We notice that the three-cluster assignments from
`hier_clust`

do not line up perfectly with the five-cluster
assignments from `k_means`

.

```
tibble(
hc = hc_preds$.pred_cluster,
km = km_preds$.pred_cluster
) %>%
count(hc, km)
#> # A tibble: 8 × 3
#> hc km n
#> <fct> <fct> <int>
#> 1 HC_1 KM_1 80
#> 2 HC_1 KM_2 72
#> 3 HC_1 KM_3 3
#> 4 HC_1 KM_5 1
#> 5 HC_2 KM_3 28
#> 6 HC_2 KM_4 64
#> 7 HC_2 KM_5 76
#> 8 HC_3 KM_4 18
```

However, they are not fully unrelated assignments. For example, all
of `KM_2`

in the \(k\)-means
assignment fell inside `HC_1`

for the hierarchical
assignments.

Our goal is to relabel the five \(k\)-means clusters to match the three
cluster names in the hierarchical output. This can be accomplished with
`reconcile_clusterings_mapping()`

.

This function expects two vectors of cluster labels as input. The first is the label that will be matched, and the second is the label that will be recoded to the first.
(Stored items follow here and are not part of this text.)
(* Let $\mathcal{N}>0$ be real, $n\ge0$ an integer, and put $\nu=\mathcal{N}+\tfrac12-n$. Then \[ \mathcal{H}_{n}^{\mathcal{N}}\!\left(X\sqrt{\mathcal{N}}\right)=\alpha_{n,\nu}\,n!\left(\frac{\nu}{\mathcal{N}}\right)^{\frac{n}{2}}\left(1+X^{2}\right)^{\frac{n}{2}}\,\mathcal{C}_{n}^{\nu}\!\left(\frac{X\sqrt{\nu}}{\sqrt{1+X^{2}}}\right), \qquad \alpha_{n,\nu}=\frac{(2\nu)_n}{2^n\,n!\,(\nu+\frac12)_n}. \]
   Context: $(a)_n=a(a+1)\cdots(a+n-1)$ denotes the Pochhammer symbol. For $\mathcal{N}>0$ and integer $n\ge0$, the Cari\~{n}ena polynomial with positive parameter is \[ \mathcal{H}_n^{\mathcal{N}}(X)=(-1)^n\left(1+\frac{X^2}{\mathcal{N}}\right)^{\mathcal{N}+\frac12}\frac{d^n}{dX^n}\left(1+\frac{X^2}{\mathcal{N}}\right)^{n-\mathcal{N}-\frac12}. \] For a real parameter $\nu\neq0$, the Cari\~{n}ena polynomial with parameter $-\nu$ is \[ \mathcal{C}_n^{\nu}(X)=(-1)^n\left(1-\frac{X^2}{\nu}\right)^{\frac12-\nu}\frac{d^n}{dX^n}\left(1-\frac{X^2}{\nu}\right)^{n+\nu-\frac12}. \] Both sides of the claimed identity are regarded as functions (polynomial expressions) in $X$. *)

From HB Require Import structures.
From mathcomp Require Import all_boot all_order all_algebra.
From mathcomp Require Import all_classical all_reals.
From mathcomp Require Import interval_inference topology normedtype derive exp.
From mathcomp Require Import complex.
Set Implicit Arguments. Unset Strict Implicit. Unset Printing Implicit Defensive.
Import Order.TTheory GRing.Theory Num.Theory.
Local Open Scope ring_scope.

Definition pochhammer {R : pzRingType} (a : R) (n : nat) : R :=
  \prod_(i < n) (a + i%:R).

Section Carinena.
Variable R : realType.

Definition carinenaH (n : nat) (N : R) (X : R) : R :=
  (-1) ^+ n * (1 + X ^+ 2 / N) `^ (N + 2^-1)
  * @derive1n R R^o n (fun Y : R => (1 + Y ^+ 2 / N) `^ (n%:R - N - 2^-1)) X.

(* Rodrigues expression for parameter -nu:
   (-1)^n (1 - X^2/nu)^(1/2-nu) d^n/dX^n (1 - X^2/nu)^(n+nu-1/2),
   meaningful on the open set where 1 - X^2/nu > 0. *)
Definition carinenaC_rod (n : nat) (nu : R) (X : R) : R :=
  (-1) ^+ n * (1 - X ^+ 2 / nu) `^ (2^-1 - nu)
  * @derive1n R R^o n (fun Y : R => (1 - Y ^+ 2 / nu) `^ (n%:R + nu - 2^-1)) X.

(* The Carinena polynomial C_n^nu as a polynomial: the polynomial that agrees
   with the Rodrigues expression wherever that expression is defined
   (1 - X^2/nu > 0, a nonempty open interval, so it is unique if it exists). *)
Definition carinenaC (n : nat) (nu : R) : {poly R} :=
  xget 0 [set p : {poly R} |
           forall X : R, 0 < 1 - X ^+ 2 / nu -> p.[X] = carinenaC_rod n nu X].

Definition alpha (n : nat) (nu : R) : R :=
  pochhammer (2 * nu) n / (2 ^+ n * n`!%:R * pochhammer (nu + 2^-1) n).

End Carinena.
If we are not trying to simply match names across two same-size
clusterings, the option `one_to_one`

must be set to
`FALSE`

.

```
reconcile_clusterings_mapping(
primary = hc_preds$.pred_cluster,
alternative = km_preds$.pred_cluster,
one_to_one = FALSE
)
#> # A tibble: 342 × 3
#> primary alt alt_recoded
#> <fct> <fct> <chr>
#> 1 HC_1 KM_1 HC_1
#> 2 HC_1 KM_2 HC_1
#> 3 HC_1 KM_2 HC_1
#> 4 HC_2 KM_3 HC_2
#> 5 HC_3 KM_4 HC_2
#> 6 HC_3 KM_4 HC_2
#> 7 HC_2 KM_3 HC_2
#> 8 HC_2 KM_5 HC_2
#> 9 HC_1 KM_2 HC_1
#> 10 HC_2 KM_4 HC_2
#> # ℹ 332 more rows
```

In this example, we can see that `KM_1`

,
`KM_2`

, `KM_5`

have been matched to
`HC_1`

; and `KM_3`

and `KM_4`

have been
matched to `HC_2`

. Notice that no clusters from the
`KM`

set were matched to `HC_3`

; evidently, this
is a small cluster that did not manifest clearly in the \(k\)-means clustering.